# 5 days happy, 2 days not...



## momof3boys (May 22, 2012)

Hello, I am new to this site, this is my first post.

I'm trying to reach out to people to talk to, because sometimes I feel like I have no one. I don't want to tell my friends and family some of these details of my marriage. My parents have both passed away, and I have three brothers...no sisters to talk to.

Anyways...a little background about us...we have been married for 4 months...together for 2 years and 2 months. He has a son, I have a son, and now we have a son together.

We used to fight A LOT...and we have recently been getting better at talking about things. We still argue about once a week (which is way more then I want to, obviously). We seem to argue infront of his brother and sister-in-law a lot...and infront of one of his friends. I feel so embarrased to argue infront of them. We also argue infront of the kids, WHICH I HATE!!!! Today we were in the van together (all 5 of us) and he just wouldn't stop. He was trying to get me to answer a question - he thinks there is a double standard in our house...and I kept saying, "not right now"..."not infront of the kids"..."please stop"...but he wouldn't. He got so mad he told me that we were done...infront of the kids - ages 7, 4 and 1.

I feel like we are happy for a week...or the odd time 2 -with little disagreements, that we handle...and then a huge blow out fight. I don't know what to do. I feel like if he knows that he was in the wrong...if he knows that he shouldn't have done something he gets really really mean. He'll say anything he can to make me feel like crap. He'll go way off topic to what the original arguement was about and will just be plain mean. He's put down my work, my weight, my mothering...everything you can think of. 

I love him...I want it to work...I don't ever want to be divorced...but sometimes I feel like it's just a matter of time before we are. I don't really picture us 80 years old and still together.  I wish I could.

We fight about money a lot...and he spends a lot more money than I do...and I try to make him see that. One week he'll agree that he'll stop...the next week he tells me I spend just as much.

We fight about my son (the 4 yr old) he thinks I'm really easy on him, and he is really hard on him. 

We fight about his smoking (cig and pot) - which is also the money issue.

We fight about him wanting to sleep in on weekends...when I am up with all 3 kids.

I just want to be happily married...and a happy family. I need help!!!


----------



## jenniferswe (Apr 23, 2012)

I have a lot of the same problems with my son. He thinks I'm too easy and I think he's too hard. My son has ADHD and Asperger's syndrome. He thinks I should be able to do everything. He works then comes home and watches tv. I have bipolar disorder. He's angry at me right now because I got after him for getting mad at my son about something. It's very hard for people to get along on a long term basis that I've observed. People have their own ideas about how things should be done. I don't know how people ever get along at all.
I know what I've what I've said my not be helpful. I just wanted to let you know you're not the only one.


----------



## Toffer (Jan 31, 2012)

mom,

If this is getting along better, it must have been hel* before.
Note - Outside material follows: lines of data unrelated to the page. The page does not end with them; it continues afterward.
Lemma is_series_inv_pow2 : is_series (fun k => / 2 ^ S k) 1.
Proof.
  assert (Hgeom := is_series_geom (/ 2)).
  rewrite Rabs_pos_eq in Hgeom by lra.
  specialize (Hgeom ltac:(lra)).
  apply (is_series_scal_l (/ 2)) in Hgeom.
  replace 1 with (scal (/ 2) (/ (1 - / 2))) by (compute; field).
  eapply is_series_ext; [| exact Hgeom].
  intros k; rewrite <- pow_inv; reflexivity.
Qed.

Definition tail (b : nat -> bool) (m : nat) : R :=
  Series (fun k => bitR (b (m + k)%nat) / 2 ^ S k).

Lemma tail_term_bounds (b : nat -> bool) (m k : nat) :
  0 <= bitR (b (m + k)%nat) / 2 ^ S k <= / 2 ^ S k.
Proof.
  pose proof (bitR_bounds (b (m + k)%nat)).
  assert (0 < / 2 ^ S k) by (apply Rinv_0_lt_compat, pow_lt; lra).
  unfold Rdiv; split; nra.
Qed.

Lemma ex_series_tail (b : nat -> bool) (m : nat) :
  ex_series (fun k => bitR (b (m + k)%nat) / 2 ^ S k).
Proof.
  apply (@ex_series_le R_AbsRing R_CompleteNormedModule _ (fun k => / 2 ^ S k)).
  - intros k; destruct (tail_term_bounds b m k).
    change (Rabs (bitR (b (m + k)%nat) / 2 ^ S k) <= / 2 ^ S k).
    rewrite Rabs_pos_eq; lra.
  - exists 1; exact is_series_inv_pow2.
Qed.

Lemma tail_bounds (b : nat -> bool) (m : nat) : 0 <= tail b m <= 1.
Proof.
  split.
  - apply Series_nonneg; [apply tail_term_bounds | apply ex_series_tail].
  - rewrite <- (is_series_unique _ _ is_series_inv_pow2).
    apply Series_le; [apply tail_term_bounds | exists 1; exact is_series_inv_pow2].
Qed.

Lemma tail_S (b : nat -> bool) (m : nat) :
  tail b m = (bitR (b m) + tail b (S m)) / 2.
Proof.
  unfold tail; rewrite Series_incr_1 by apply ex_series_tail.
  rewrite Nat.add_0_r.
  replace (Series (fun k => bitR (b (m + S k)%nat) / 2 ^ S (S k)))
    with (/ 2 * Series (fun k => bitR (b (S m + k)%nat) / 2 ^ S k)).
  - simpl; field.
  - rewrite <- Series_scal_l; apply Series_ext; intros k.
    replace (m + S k)%nat with (S m + k)%nat by lia.
    simpl; field; apply pow_nonzero; lra.
Qed.

Lemma concise_tail0 (b : nat -> bool) (x : R) :
  concise_binary b x -> tail b 0 = x / 2.
Proof.
  intros [Hx _]; apply is_series_unique.
  apply (is_series_scal_l (/ 2)) in Hx.
  replace (x / 2) with (scal (/ 2) x) by (compute; field).
  eapply is_series_ext; [| exact Hx].
  intros k; compute; field; apply pow_nonzero; lra.
Qed.

Lemma tail_lt_1_of_digit_false (b : nat -> bool) (m d : nat) :
  b (m + d)%nat = false -> tail b m < 1.
Proof.
  revert m; induction d as [| d IH]; intros m Hb; rewrite tail_S;
    pose proof (tail_bounds b (S m)); pose proof (bitR_bounds (b m)).
  - rewrite Nat.add_0_r in Hb; rewrite Hb; simpl; lra.
  - assert (tail b (S m) < 1) by (apply IH; rewrite <- Hb; f_equal; lia).
    lra.
Qed.

Lemma concise_tail_lt_1 (b : nat -> bool) (x : R) (m : nat) :
  concise_binary b x -> tail b m < 1.
Proof.
  intros [_ Hnot_ones].
  destruct (classic (exists n, (m <= n)%nat /\ b n = false)) as [[n [Hmn Hbn]] | Hnone].
  - apply (tail_lt_1_of_digit_false b m (n - m)).
    replace (m + (n - m))%nat with n by lia; exact Hbn.
  - exfalso; apply Hnot_ones; exists m; intros n Hmn.
    destruct (b n) eqn:Hbn; [reflexivity |].
    exfalso; apply Hnone; exists n; auto.
Qed.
The two of you are in need of marriage counseling. I would say he's controlling because of his need to show you you're wrong (whether it's true or not) in front of others. This is a power play!

Do you work full time too?


----------



## Enchantment (May 11, 2011)

Hi momof3boys ~

Sorry you are going through this. My question to you ... if he belittles you and much of what you do ... why do you love him? What redeeming characteristics are there in him that override his treatement of you? Because the treatment sounds somewhat abusive/controlling/manipulative - "let's put 'mom' down so that we are elevated".

I would suggest you remain calm, confident, upbeat - especially around trigger points- the kids and inlaws/friends - that the fights occur around.

I would also suggest that you go look at the following book by Lundy ... it may give you a different perspective.

Amazon.com: Why Does He Do That?: Inside the Minds of Angry and Controlling Men (9780425191651): Lundy Bancroft: Books

Does your husband acknowledge that the fighting and his treatment of you is a problem at all?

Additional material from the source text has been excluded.